If you want to have your own copy of the colab to make some changes or do some other experimentation you can simply select "File / Save a Copy in Drive" button to make your own copy of this colab and start making changes.

If you want to connect colab to your own Timesketch instance (that is if it is not publicly reachable) you can build your own colab runtime, hit the small triangle right next to the "**Connect**" button in the upper right corner and select "Connect to local runtime". There will be instructions on how to setup your local runtime there. 

Once you have your local runtime setup you should be able to reach your local Timesketch instance.


## Installation

Let's start by installing the TS API client... all commands that start with ! are executed in the shell, therefore if you are missing Python packages you can use pip.

This colab uses python2 as the underlying python binary.

In [0]:
!pip install timesketch-api-client

Then we need to import some libraries that we'll use in this colab.

In [0]:
import altair as alt # For graphing.
import numpy as np   # Never know when this will come in handy.
import pandas as pd  # We will be using pandas quite heavily.

from timesketch_api_client import client

## Connect to TS

And now we can start creating a timesketch client. The client is the object used to connect to the TS server and provides the API to interact with it.

This will connect to the public demo of timesketch, you may want to change these parameters to connect to your own TS instance.

In [0]:
ts_client = client.TimesketchApi('https://demo.timesketch.org', 'demo', 'demo')

### Let's Explore
And now we can start to explore. The first thing is to get all the sketches that are available. Most of the operations you want to do with TS are available in the sketch API.

In [0]:
sketches = ts_client.list_sketches()

Now that we've got a lis of all available sketches, let's print out the names of the sketches as well as the index into the list, so that we can more easily choose a sketch that interests us.

In [0]:
for i, sketch in enumerate(sketches):
  print '[{0:d}] {1:s}'.format(i, sketch.name)
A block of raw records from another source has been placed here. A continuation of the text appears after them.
(* Consider NEAR-DGD$^t$ started from a common point $y_{i,0}=s_0$ ($1\le i\le n$). Suppose each $f_i$ is $\mu_i$-strongly convex with $L_i$-Lipschitz gradient; let $x^\star$ be the unique minimizer of $h=\sum_if_i$, and let $$0<\alpha\le\min\{1/L,\,c_4\}.$$ Then for every $\delta>0$ and all $k=0,1,2,\ldots$, $$\|\bar x_{k+1}-x^\star\|^2\le c_1^2\|\bar x_k-x^\star\|^2+c_3^2\beta^{2t},$$ where $c_1^2=1-\alpha c_2+\alpha\delta-\alpha^2\delta c_2$ and $c_3^2=\alpha(\alpha+\delta^{-1})D^2L^2$. In particular, if $\alpha c_2<1$ and $\delta=\frac{c_2}{2(1-\alpha c_2)}$, then $c_1=\sqrt{1-\alpha c_2/2}\in(0,1)$ and for all $k\ge0$ $$\|\bar x_k-x^\star\|\le c_1^k\|\bar x_0-x^\star\|+\frac{LD\beta^t}{c_2}\sqrt{2(2-\alpha c_2)}.$$
   Context: NEAR-DGD$^t$ (fixed integer $t\ge1$): $\mathbf{x}_k=\mathbf{Z}^t\mathbf{y}_k$, $\mathbf{y}_{k+1}=\mathbf{x}_k-\alpha\nabla\mathbf{f}(\mathbf{x}_k)$, where $\mathbf{Z}=\mathbf{W}\otimes I_p$, $\mathbf{W}$ a symmetric doubly-stochastic $n\times n$ matrix of a connected network ($w_{ii}>0$, $w_{ij}>0$ iff neighbours) with simple eigenvalue $1$ and other eigenvalues in $(-1,1)$, $\beta\in(0,1)$ its second largest eigenvalue magnitude; $\mathbf{x}=(x_1;\ldots;x_n)$, $\nabla\mathbf{f}(\mathbf{x})=(\nabla f_1(x_1);\ldots;\nabla f_n(x_n))$, $\bar x_k=\frac1n\sum_ix_{i,k}$. Constants: $L=\max_iL_i$, $\mu_{\bar f}=\frac1n\sum_i\mu_i$, $L_{\bar f}=\frac1n\sum_iL_i$, $c_2=\frac{2\mu_{\bar f}L_{\bar f}}{\mu_{\bar f}+L_{\bar f}}$, $c_4=\frac{2}{\mu_{\bar f}+L_{\bar f}}$, $D=\|\mathbf{y}_0-\mathbf{u}^\star\|+\frac{\nu+4}{\nu}\|\mathbf{u}^\star\|$ with $\mathbf{u}^\star=(u_1^\star;\ldots;u_n^\star)$, $u_i^\star=\arg\min f_i$, $\nu=2\alpha\gamma$, $\gamma=\min_i\frac{\mu_iL_i}{\mu_i+L_i}$. *)

From Stdlib Require Import Reals Lra.
From HB Require Import structures.
From mathcomp Require Import all_boot.
Set Implicit Arguments. Unset Strict Implicit. Unset Printing Implicit Defensive.

Open Scope R_scope.

Lemma Rplus_assoc' : associative Rplus.
Proof. by move=> x y z; rewrite Rplus_assoc. Qed.
Lemma Rplus_comm' : commutative Rplus.
Proof. exact: Rplus_comm. Qed.
Lemma Rplus_0_l' : left_id 0 Rplus.
Proof. exact: Rplus_0_l. Qed.
HB.instance Definition _ := Monoid.isComLaw.Build R 0 Rplus
  Rplus_assoc' Rplus_comm' Rplus_0_l'.

Definition vec (p : nat) := 'I_p -> R.

Definition vadd p (u v : vec p) : vec p := fun j => u j + v j.
Definition vsub p (u v : vec p) : vec p := fun j => u j - v j.
Definition vscale p (a : R) (u : vec p) : vec p := fun j => a * u j.
Definition inner p (u v : vec p) : R := \big[Rplus/0]_(j < p) (u j * v j).
Definition vnorm p (u : vec p) : R := sqrt (inner u u).

(* Stacked vectors x = (x_1; ...; x_n) in R^{np}, with Euclidean norm. *)
Definition svec (n p : nat) := 'I_n -> vec p.
Definition snorm n p (x : svec n p) : R :=
  sqrt (\big[Rplus/0]_(i < n) inner (x i) (x i)).
Definition ssub n p (x y : svec n p) : svec n p := fun i => vsub (x i) (y i).

Definition avg n p (x : svec n p) : vec p :=
  fun j => / INR n * \big[Rplus/0]_(i < n) x i j.

(* Application of Z = W (x) I_p to a stacked vector. *)
Definition mixZ n p (W : 'I_n -> 'I_n -> R) (y : svec n p) : svec n p :=
  fun i j => \big[Rplus/0]_(l < n) (W i l * y l j).

Definition is_eigenvalue n (W : 'I_n -> 'I_n -> R) (lam : R) : Prop :=
  exists v : 'I_n -> R, (exists i, v i <> 0) /\
    forall i, \big[Rplus/0]_(l < n) (W i l * v l) = lam * v i.

Definition is_gradient p (f : vec p -> R) (g : vec p -> vec p) : Prop :=
  forall x d : vec p,
    derivable_pt_lim (fun s => f (vadd x (vscale s d))) 0 (inner (g x) d).

Definition strongly_convex p (mu : R) (f : vec p -> R) (g : vec p -> vec p) : Prop :=
  forall x y : vec p,
    f y >= f x + inner (g x) (vsub y x) + mu / 2 * (vnorm (vsub y x)) ^ 2.

Definition lipschitz_grad p (L : R) (g : vec p -> vec p) : Prop :=
  forall x y : vec p, vnorm (vsub (g x) (g y)) <= L * vnorm (vsub x y).

Fixpoint near_y n p (W : 'I_n -> 'I_n -> R) (t : nat) (alpha : R)
    (g : 'I_n -> vec p -> vec p) (y0 : svec n p) (k : nat) : svec n p :=
  match k with
  | O => y0
  | S k' =>
      let x := iter t (mixZ W) (near_y W t alpha g y0 k') in
      fun i => vsub (x i) (vscale alpha (g i (x i)))
  end.

Definition near_x n p (W : 'I_n -> 'I_n -> R) (t : nat) (alpha : R)
    (g : 'I_n -> vec p -> vec p) (y0 : svec n p) (k : nat) : svec n p :=
  iter t (mixZ W) (near_y W t alpha g y0 k).

Definition Lmax n (Ls : 'I_n -> R) : R := \big[Rmax/0]_(i < n) Ls i.
Definition fbar_const n (cs : 'I_n -> R) : R := / INR n * \big[Rplus/0]_(i < n) cs i.
Definition c2_const (muf Lf : R) : R := 2 * muf * Lf / (muf + Lf).
Definition c4_const (muf Lf : R) : R := 2 / (muf + Lf).

(* The mean iterate performs an inexact gradient step on the average objective
   h / n: xbar_{k+1} = xbar_k - alpha * mean_i grad f_i (x_{k,i}). Its exact part is a
   (1 - alpha c2)-contraction towards x* by co-coercivity of the averaged gradient, and its error
   is at most alpha L times the consensus error of x_k = Z^t y_k, which the t mixing rounds bound
   by beta^t ||y_k|| since W contracts mean-zero vectors by beta. The iterates y_k stay in the
   ball of radius D: each local gradient step contracts the distance to the local minimizers u_i
   by 1 - nu/2 while mixing moves it by at most 2 ||u||. Young's inequality with weight alpha delta
   gives the one-step bound, and unrolling it for the tuned delta gives the linear rate.
   The contraction by beta comes from a maximizer of ||(W - J/n) v|| on the unit sphere, which
   exists by compactness and yields an eigenvector of W - J/n. *)

From Stdlib Require Import Reals Lra Lia FunctionalExtensionality Classical.
From HB Require Import structures.
From mathcomp Require Import all_boot.
From mathcomp Require all_order all_algebra classical_sets boolp reals topology.
From mathcomp Require normedtype matrix_normedtype derive Rstruct.
Set Implicit Arguments. Unset Strict Implicit. Unset Printing Implicit Defensive.
Open Scope R_scope.

(** * Finite sums and Euclidean geometry *)

Section RealSums.
Variable n : nat.
Implicit Types F G : 'I_n -> R.

Lemma sumR_mull F c : c * \big[Rplus/0]_(i < n) F i = \big[Rplus/0]_(i < n) (c * F i).
Proof. by elim/big_rec2: _ => [|i y1 y2 _ <-]; ring. Qed.

Lemma sumR_mulr F c : (\big[Rplus/0]_(i < n) F i) * c = \big[Rplus/0]_(i < n) (F i * c).
Proof. by elim/big_rec2: _ => [|i y1 y2 _ <-]; ring. Qed.

Lemma sumR_opp F : - (\big[Rplus/0]_(i < n) F i) = \big[Rplus/0]_(i < n) (- F i).
Proof. by elim/big_rec2: _ => [|i y1 y2 _ <-]; ring. Qed.

Lemma sumR_add F G :
  \big[Rplus/0]_(i < n) F i + \big[Rplus/0]_(i < n) G i = \big[Rplus/0]_(i < n) (F i + G i).
Proof. by rewrite big_split. Qed.

Lemma sumR_sub F G :
  \big[Rplus/0]_(i < n) F i - \big[Rplus/0]_(i < n) G i = \big[Rplus/0]_(i < n) (F i - G i).
Proof. by rewrite /Rminus sumR_opp sumR_add. Qed.

Lemma ler_sumR F G : (forall i, F i <= G i) ->
  \big[Rplus/0]_(i < n) F i <= \big[Rplus/0]_(i < n) G i.
Proof. by move=> h; elim/big_rec2: _ => [|i y1 y2 _ hy]; [lra | have := h i; lra]. Qed.

End RealSums.

Lemma sumR_ge0 (I : Type) (r : seq I) (P : pred I) (F : I -> R) :
  (forall i, P i -> 0 <= F i) -> 0 <= \big[Rplus/0]_(i <- r | P i) F i.
Proof. by move=> h; elim/big_rec: _ => [|i x Pi hx]; [lra | have := h i Pi; lra]. Qed.

Lemma sumR_const n c : \big[Rplus/0]_(i < n) c = INR n * c.
Proof.
elim: n => [|n IH]; first by rewrite big_ord0 /=; ring.
by rewrite big_ord_recr IH S_INR /=; ring.
Qed.

Lemma sumR_term_le n (F : 'I_n -> R) i :
  (forall j, 0 <= F j) -> F i <= \big[Rplus/0]_(j < n) F j.
Proof.
move=> h; rewrite (bigD1 i) //=.
rewrite -{1}(Rplus_0_r (F i)); apply: Rplus_le_compat_l.
by apply: sumR_ge0 => j _; exact: h.
Qed.

Lemma sumR_eq0 n (F : 'I_n -> R) :
  (forall j, 0 <= F j) -> \big[Rplus/0]_(j < n) F j = 0 -> forall j, F j = 0.
Proof. by move=> h hs j; have := sumR_term_le j h; have := h j; lra. Qed.

Lemma le_sqrt_of_quadratic_ge0 a b c : 0 <= a -> 0 <= c ->
  (forall s, 0 <= a - 2 * s * b + s ^ 2 * c) -> b <= sqrt a * sqrt c.
Proof.
move=> ha hc hq.
have b2 : b ^ 2 <= a * c.
  case: (Req_dec c 0) => [c0 | c_ne0].
    case: (Req_dec b 0) => [-> | b_ne0]; first by nra.
    have := hq ((a + 1) / (2 * b)); rewrite c0.
    have -> : 2 * ((a + 1) / (2 * b)) * b = a + 1 by field.
    lra.
  have := hq (b / c).
  have -> : a - 2 * (b / c) * b + (b / c) ^ 2 * c = (a * c - b ^ 2) / c by field.
  move=> h; have : 0 <= (a * c - b ^ 2) / c * c by apply: Rmult_le_pos; lra.
  have -> : (a * c - b ^ 2) / c * c = a * c - b ^ 2 by field.
  lra.
rewrite -sqrt_mult //; apply: Rle_trans (Rle_abs b) _.
by rewrite -sqrt_Rsqr_abs; apply: sqrt_le_1_alt; rewrite /Rsqr; lra.
Qed.

Lemma sqrt_le_of_le_sq a b : 0 <= b -> a <= b ^ 2 -> sqrt a <= b.
Proof. by move=> hb h; rewrite -(sqrt_pow2 b hb); apply: sqrt_le_1_alt. Qed.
Let's now take a closer look at some of the data we've got in the "Greendale" investigation.

In [0]:
gd_sketch = sketches[1]

Another way is to create a dictionary where the keys are the names of the sketchces and values are the sketch objects.

In [0]:
sketch_dict = dict((x.name, x) for x in sketches)

In [0]:
sketch_dict

Now that we've connected to a sketch we can do all sorts of things.
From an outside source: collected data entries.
(* Let $(e_i)$ denote the canonical basis of $\ell_1$, and for $n\in\mathbb{N}$ let $x_n=e_n-\tfrac12(e_{2n+1}+e_{2n+2})$. For each $n$, let $x^{(n)}_1,\dots,x^{(n)}_n$ be the copies of $x_1,\dots,x_n$ (which lie in $\ell_1^{2n+2}$) inside the $n$-th summand of the Banach lattice $Y=\big(\sum_{n}\ell_1^{2n+2}\big)_{\ell_1}$ (with its coordinatewise order). Then the sequence $\big(x^{(n)}_i\big)_{1\le i\le n,\,n\in\mathbb{N}}$, ordered by $n$ first and then by $i$, is neither uniformly quasi-greedy nor bibasic in $Y$.
   Context: A sequence $(x_k)$ of nonzero vectors in a Banach lattice is bibasic if there is $M\ge1$ with $\|\bigvee_{n=1}^m|\sum_{k=1}^na_kx_k|\|\le M\|\sum_{k=1}^ma_kx_k\|$ for all $m$ and scalars $a_k$. A semi-normalized basic sequence $(x_k)$ with span $E$ and biorthogonal functionals $x_k^*$ is uniformly quasi-greedy if $\sup_m\sup_{x\in E,\|x\|=1}\|\bigvee_{n=1}^m|\mathcal{G}_n(x)|\|<\infty$, where $\mathcal{G}_n(x)=\sum_{j=1}^n x^*_{\rho(j)}(x)x_{\rho(j)}$ and $\rho$ is the natural greedy ordering of $x$ (indices listed by non-increasing $|x_k^*(x)|$, ties broken by increasing index). (The sequence $(x^{(n)}_i)$ is known to be a semi-normalized quasi-greedy basic sequence in $Y$.) *)

From Stdlib Require Import Reals Lra Lia.
From Coquelicot Require Import Coquelicot.
Open Scope R_scope.

(** * The Banach lattice Y = (sum_n l_1^{2n+2})_{l_1}
    A vector of Y is a function [f : nat -> nat -> R]; [f n j] is the
    j-th coordinate (1 <= j <= 2n+2) of the n-th summand (n >= 1). *)
Definition Yvec := nat -> nat -> R.

(** l_1-norm of the n-th block (j ranges over 0..2n+2; coordinate 0 vanishes). *)
Definition blocknorm (f : Yvec) (n : nat) : R :=
  sum_f_R0 (fun j => Rabs (f n j)) (2 * n + 2).

Definition inY (f : Yvec) : Prop :=
  (forall n j, (n = 0%nat \/ j = 0%nat \/ (2 * n + 2 < j)%nat) -> f n j = 0)
  /\ ex_series (blocknorm f).

(** The norm of Y (meaningful on elements of Y). *)
Definition normY (f : Yvec) : R := Series (blocknorm f).

Definition subY (f g : Yvec) : Yvec := fun n j => f n j - g n j.

(** Lattice operations are coordinatewise:
    [maxupto F m] = \/_{n=1}^m |F n|  (and 0 for m = 0). *)
Fixpoint maxupto (F : nat -> Yvec) (m : nat) : Yvec :=
  match m with
  | O => fun _ _ => 0
  | S m' => fun p q => Rmax (maxupto F m' p q) (Rabs (F (S m') p q))
  end.

Fixpoint lincomb (c : nat -> R) (v : nat -> Yvec) (N : nat) : Yvec :=
  match N with
  | O => fun _ _ => 0
  | S N' => fun p q => lincomb c v N' p q + c N' * v N' p q
  end.

Definition xcopy (n i : nat) : Yvec :=
  fun m j =>
    if Nat.eqb m n then
      (if Nat.eqb j i then 1
       else if (Nat.eqb j (2 * i + 1) || Nat.eqb j (2 * i + 2))%bool then - (1/2)
       else 0)
    else 0.

(** Enumeration of the pairs (n, i), 1 <= i <= n, n >= 1, ordered by n
    first and then by i: (1,1), (2,1), (2,2), (3,1), ... *)
Fixpoint dec (k : nat) : nat * nat :=
  match k with
  | O => (1%nat, 1%nat)
  | S k' => let '(n, i) := dec k' in
            if Nat.ltb i n then (n, S i) else (S n, 1%nat)
  end.

(** The sequence (x^{(n)}_i), indexed from 0. *)
Definition useq (k : nat) : Yvec := let '(n, i) := dec k in xcopy n i.

Definition bibasic (x : nat -> Yvec) : Prop :=
  (forall k, exists p q, x k p q <> 0) /\
  exists M : R, 1 <= M /\
    forall (m : nat) (a : nat -> R),
      normY (maxupto (fun n => lincomb a x n) m) <= M * normY (lincomb a x m).

(** [a] is the coefficient sequence (x_k^*(xv))_k of [xv] in the closed span:
    xv = sum_k a_k x_k, the series converging in Y. *)
Definition expansion (x : nat -> Yvec) (a : nat -> R) (xv : Yvec) : Prop :=
  inY xv /\ is_lim_seq (fun N => normY (subY xv (lincomb a x N))) 0.

Definition greedy_ordering (a : nat -> R) (rho : nat -> nat) : Prop :=
  (forall i j, rho i = rho j -> i = j) /\
  (forall k, a k <> 0 -> exists j, rho j = k) /\
  (forall i j, (i < j)%nat ->
     Rabs (a (rho j)) < Rabs (a (rho i)) \/
     (Rabs (a (rho j)) = Rabs (a (rho i)) /\ (rho i < rho j)%nat)).

Definition greedy_sum (x : nat -> Yvec) (a : nat -> R) (rho : nat -> nat) (n : nat)
  : Yvec := lincomb (fun j => a (rho j)) (fun j => x (rho j)) n.

Definition uniformly_quasi_greedy (x : nat -> Yvec) : Prop :=
  exists C : R, forall (a : nat -> R) (xv : Yvec) (rho : nat -> nat) (m : nat),
    expansion x a xv -> normY xv = 1 -> greedy_ordering a rho ->
    normY (maxupto (greedy_sum x a rho) m) <= C.

From Stdlib Require Import Reals Lra Lia.
From Coquelicot Require Import Coquelicot.
Open Scope R_scope.

(** Fix b and let z_b = sum_{i <= b} x^{(b)}_i / (i+1).  Its coefficients decrease, so
    the greedy sums of z_b / |z_b| are its partial sums, and both properties would
    bound the supremum of the partial sums of z_b by a multiple of |z_b|.  The negative
    part of x_i sits on the coordinates 2i+1 and 2i+2, which are compensated only once
    x_{2i+1} and x_{2i+2} are added: the i-th partial sum equals -1/(2(i+1)) at
    coordinate 2i+1, so the supremum of the partial sums has norm at least
    (1/2) sum_{i <= b} 1/(i+1) >= ln(b+2)/2.  In z_b itself these coordinates almost
    cancel, and |z_b| <= 4 for every b. *)

(* [block_start b = b(b-1)/2] is the index of x^{(b)}_1 in [useq]. *)
Fixpoint block_start (n : nat) : nat :=
  match n with O => O | S n' => (block_start n' + n')%nat end.

Lemma dec_block_start n i : (i <= n)%nat -> dec (block_start (S n) + i) = (S n, S i).
Proof.
  induction n as [|n IHn] in i |- *; induction i as [|i IHi]; intros Hi.
  - reflexivity.
  - lia.
  - replace (block_start (S (S n)) + 0)%nat with (S (block_start (S n) + n)) by (simpl; lia).
    cbn [dec]. rewrite IHn by lia. now rewrite Nat.ltb_irrefl.
  - replace (block_start (S (S n)) + S i)%nat with (S (block_start (S (S n)) + i)) by lia.
    cbn [dec]. rewrite IHi by lia. now destruct (Nat.ltb_spec (S i) (S (S n))); [|lia].
Qed.

Lemma useq_block b i : (i < b)%nat -> useq (block_start b + i) = xcopy b (S i).
Proof.
  intros Hi. destruct b as [|n]; [lia|]. unfold useq. now rewrite dec_block_start by lia.
Qed.

Lemma dec_range k : (1 <= snd (dec k) <= fst (dec k))%nat.
Proof.
  induction k as [|k IH]; cbn [dec]; [simpl; lia|].
  destruct (dec k) as [n i]; simpl in *. destruct (Nat.ltb_spec i n); simpl; lia.
Qed.

Lemma useq_supp k p q : (p = 0 \/ q = 0 \/ 2 * p + 2 < q)%nat -> useq k p q = 0.
Proof.
  unfold useq. pose proof (dec_range k) as Hk. destruct (dec k) as [n i]; simpl in Hk.
  intros Hpq. unfold xcopy.
  destruct (Nat.eqb_spec p n); [subst p | reflexivity].
  destruct (Nat.eqb_spec q i); [lia|].
  destruct (Nat.eqb_spec q (2 * i + 1)); [lia|].
  destruct (Nat.eqb_spec q (2 * i + 2)); [lia|]. reflexivity.
Qed.

Lemma lincomb_eq0 a x N p q :
  (forall k, (k < N)%nat -> a k * x k p q = 0) -> lincomb a x N p q = 0.
Proof.
  induction N as [|N IH]; intros H; simpl; [reflexivity|].
  rewrite IH by (intros k Hk; apply H; lia). rewrite H by lia. ring.
Qed.

Lemma lincomb_stable a x N0 N p q : (forall k, (N0 <= k)%nat -> a k = 0) ->
  (N0 <= N)%nat -> lincomb a x N p q = lincomb a x N0 p q.
Proof.
  intros Ha. induction N as [|N IH]; intros HN.
  - now replace N0 with 0%nat by lia.
  - destruct (Nat.eq_dec N0 (S N)) as [<-|HN0]; [reflexivity|].
    simpl. rewrite IH, Ha by lia. ring.
Qed.

Lemma lincomb_scal k a x N p q :
  lincomb (fun j => k * a j) x N p q = k * lincomb a x N p q.
Proof. induction N as [|N IH]; simpl; [ring|]. rewrite IH. ring. Qed.

Lemma lincomb_shift a x s N p q : lincomb a x (s + N) p q =
  lincomb a x s p q + lincomb (fun j => a (s + j)%nat) (fun j => x (s + j)%nat) N p q.
Proof.
  induction N as [|N IH]; simpl.
  - rewrite Nat.add_0_r. ring.
  - rewrite Nat.add_succ_r. simpl. rewrite IH. ring.
Qed.

Lemma lincomb_useq_supp a N p q :
  (p = 0 \/ q = 0 \/ 2 * p + 2 < q)%nat -> lincomb a useq N p q = 0.
Proof. intros Hpq. apply lincomb_eq0. intros k _. rewrite useq_supp by exact Hpq. ring. Qed.

Lemma sum_f_R0_single (u : nat -> R) b N :
  (forall p, p <> b -> u p = 0) -> (b <= N)%nat -> sum_f_R0 u N = u b.
Proof.
  intros Hu. induction N as [|N IH]; intros HbN.
  - now replace b with 0%nat by lia.
  - simpl. destruct (Nat.eq_dec b (S N)) as [->|Hb].
    + rewrite sum_eq_R0; [ring|]. intros p Hp. apply Hu. lia.
    + rewrite IH, (Hu (S N)) by lia. ring.
Qed.

Lemma is_series_single (u : nat -> R) b :
  (forall p, p <> b -> u p = 0) -> is_series u (u b).
Proof.
  intros Hu. enough (H : is_lim_seq (sum_n u) (u b)) by exact H.
  apply (is_lim_seq_ext_loc (fun _ => u b)); [|apply is_lim_seq_const].
  exists b. intros N HN. rewrite sum_n_Reals. symmetry. now apply sum_f_R0_single.
Qed.

Lemma sum_f_R0_term_le (u : nat -> R) j N :
  (forall i, 0 <= u i) -> (j <= N)%nat -> u j <= sum_f_R0 u N.
Proof.
  intros Hu. induction N as [|N IH]; intros HjN.
  - replace j with 0%nat by lia. simpl. lra.
  - simpl. destruct (Nat.eq_dec j (S N)) as [->|Hj].
    + pose proof (cond_pos_sum u N Hu). lra.
    + pose proof (Hu (S N)). specialize (IH ltac:(lia)). lra.
Qed.

Lemma blocknorm_eq0 f p : (forall q, f p q = 0) -> blocknorm f p = 0.
Proof. intros Hf. apply sum_eq_R0. intros j _. rewrite Hf. apply Rabs_R0. Qed.

Lemma normY_block f b : (forall p q, p <> b -> f p q = 0) -> normY f = blocknorm f b.
Proof.
  intros Hf. apply is_series_unique, is_series_single. intros p Hp.
  apply blocknorm_eq0. intros q. now apply Hf.
Qed.

Lemma normY_zero f : (forall p q, f p q = 0) -> normY f = 0.
Proof.
  intros Hf. rewrite (normY_block f 0) by auto. now apply blocknorm_eq0.
Qed.

Lemma normY_scal k f g : (forall p q, g p q = k * f p q) -> normY g = Rabs k * normY f.
Proof.
  intros Hg. unfold normY. rewrite <- Series_scal_l. apply Series_ext. intros p.
  unfold blocknorm. rewrite scal_sum. apply sum_eq. intros j _.
  rewrite Hg, Rabs_mult. ring.
Qed.

Lemma inY_block f b :
  (forall n j, (n = 0 \/ j = 0 \/ 2 * n + 2 < j)%nat -> f n j = 0) ->
  (forall p q, p <> b -> f p q = 0) -> inY f.
Proof.
  intros Hsupp Hoff. split; [exact Hsupp|]. exists (blocknorm f b).
  apply is_series_single. intros p Hp. apply blocknorm_eq0. intros q. now apply Hoff.
Qed.

Lemma blocknorm_pairs f b : blocknorm f b =
  Rabs (f b 0%nat) + sum_f_R0 (fun i => Rabs (f b (2 * i + 1)%nat) + Rabs (f b (2 * i + 2)%nat)) b.
Proof.
  unfold blocknorm. replace (2 * b + 2)%nat with (2 * S b)%nat by lia.
  rewrite <- sum_decomposition, decomp_sum, plus_sum by lia. simpl pred.
  rewrite Rplus_assoc, Rplus_comm with (r1 := sum_f_R0 _ b). f_equal. f_equal; apply sum_eq; intros i _;
    do 2 f_equal; lia.
Qed.

Lemma maxupto_nonneg F m p q : 0 <= maxupto F m p q.
Proof.
  induction m as [|m IH]; simpl; [lra|]. eapply Rle_trans; [exact IH | apply Rmax_l].
Qed.

Lemma maxupto_ge F m N p q : (1 <= N <= m)%nat -> Rabs (F N p q) <= maxupto F m p q.
Proof.
  induction m as [|m IH]; intros HN; [lia|]. simpl.
  destruct (Nat.eq_dec N (S m)) as [->|HNm]; [apply Rmax_r|].
  eapply Rle_trans; [apply IH; lia | apply Rmax_l].
Qed.

Lemma maxupto_zero F m p q : (forall N, F N p q = 0) -> maxupto F m p q = 0.
Proof.
  intros HF. induction m as [|m IH]; simpl; [reflexivity|].
  rewrite IH, HF, Rabs_R0. apply Rmax_left, Rle_refl.
Qed.

Lemma normY_maxupto_ge_sum G m b (g : nat -> R) :
  (forall N p q, p <> b -> G N p q = 0) ->
  (forall i, (i <= b)%nat -> exists N, (1 <= N <= m)%nat /\ g i <= Rabs (G N b (2 * i + 1)%nat)) ->
  sum_f_R0 g b <= normY (maxupto G m).
Proof.
  intros Hoff Hpeak.
  rewrite (normY_block _ b) by (intros p q Hp; apply maxupto_zero; intros; now apply Hoff).
  rewrite blocknorm_pairs. pose proof (Rabs_pos (maxupto G m b 0%nat)).
  enough (sum_f_R0 g b <= sum_f_R0 (fun i => Rabs (maxupto G m b (2 * i + 1)%nat)
            + Rabs (maxupto G m b (2 * i + 2)%nat)) b) by lra.
  apply sum_Rle. intros i Hi. destruct (Hpeak i Hi) as [N [HN Hg]].
  pose proof (maxupto_ge G m N b (2 * i + 1)%nat HN).
  pose proof (Rabs_pos (maxupto G m b (2 * i + 2)%nat)).
  rewrite (Rabs_pos_eq (maxupto G m b _)) by apply maxupto_nonneg. lra.
Qed.

Lemma greedy_ordering_shift a s : (forall k, (k < s)%nat -> a k = 0) ->
  (forall i j, (i <= j)%nat -> Rabs (a (s + j)%nat) <= Rabs (a (s + i)%nat)) ->
  greedy_ordering a (fun j => (s + j)%nat).
Proof.
  intros Hbefore Hmono. split; [|split].
  - intros i j. lia.
  - intros k Hk. exists (k - s)%nat.
    destruct (Nat.lt_ge_cases k s) as [Hks|Hks]; [now elim Hk; apply Hbefore | lia].
  - intros i j Hij.
    destruct (Rle_lt_or_eq_dec _ _ (Hmono i j ltac:(lia))) as [Hlt|Heq]; [now left|].
    right. split; [exact Heq | lia].
Qed.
Try doing: `gd_sketch.<TAB>`

In colab you can use TAB completion to get a list of all attributes of the object you are working with. See a function you may want to call? Try calling it with `gd_sketch.function_name?` and hit enter.. let's look at an example:



In [0]:
gd_sketch.explore?

This way you'll get a list of all the parameters you may want or need to use. You can also use tab completion as soon as you type, `gd_sketch.e<TAB>` will give you all options that start with an `e`, etc.

You can also type `gd_sketch.explore(<TAB>)` and get a pop-up with a list of what parameters this function provides.

But for now, let's look at what views are available to use here:

In [0]:
views = gd_sketch.list_views()

for index, view in enumerate(views):
  print '[{0:d}] {1:s}'.format(index, view.name)

You can then start to query the API to get back results from these views. Let's try one of them...

Word of caution, try to limit your search so that you don't get too many results back. The API will happily let you get all the results back as you choose, but the more records you get back the longer the API call will take (10k events per API call). 

In [0]:
# You can change this number if you would like to test out another view.
view_number = 1


print 'Fetching data from : {0:s}'.format(views[view_number].name)
print '        Query used : {0:s}'.format(views[view_number].query_string if views[view_number].query_string else views[view_number].query_dsl)


If you want to issue this query, then you can run the cell below, otherwise you can change the view_number to try another one.

In [0]:
greendale_frame = gd_sketch.explore(view=views[1], as_pandas=True)

Did you notice the "`as_pandas=True`" parameter that got passed to the "`explore`" function? That means that the data that we'll get back is a pandas DataFrame that we can now start exploring. 

Let's start with seeing how many entries we got back.

In [0]:
greendale_frame.shape

This tells us that the view returned back 3.038 events with 9 columns. Let's explore the first few entries, just so that we can wrap our head around what we got back.

In [0]:
greendale_frame.head(5)

Let's look at what columns we got back... and maybe create a slice that contains fewer columns.

In [0]:
greendale_frame.columns

In [0]:
greendale_frame['datetime'] = pd.to_datetime(greendale_frame['datetime'])

greendale_slice = greendale_frame[['datetime', 'timestamp_desc', 'tag', 'message', 'label']]

greendale_slice.head(4)

We can now start to manipulate these events a bit and start graphing.

Since we don't yet have the analyzers, let's extract some values...

In [0]:
greendale_frame['account_name'] = greendale_frame.message.str.extract(r'Account Name:.+Account Name:\\t\\t([^\\]+)\\n', expand=False)
greendale_frame['account_domain'] = greendale_frame.message.str.extract(r'Account Domain:.+Account Domain:\\t\\t([^\\]+)\\n', expand=False)
greendale_frame['process_name'] = greendale_frame.message.str.extract(r'Process Name:.+Process Name:\\t\\t([^\\]+)\\n', expand=False)
greendale_frame['date'] = pd.to_datetime(greendale_frame.timestamp/1e6, unit='s')

What accounts have logged in:

In [0]:
greendale_frame.account_name.value_counts()

Let's graph.... and you can then interact with the graph... try zomming in, etc.

In [0]:
alt.Chart(greendale_frame, height=200).mark_point().encode(
  x='date', y='account_name'
).properties(
  title='Accounts Logged In'
).interactive()

Or we can do this as a bar graph...

In [0]:
alt.Chart(greendale_frame, width=400).mark_bar().encode(
  x='account_name', y='count()',
  tooltip=['account_name', 'count()']
).properties(
  title='Accounts Logged In'
).interactive()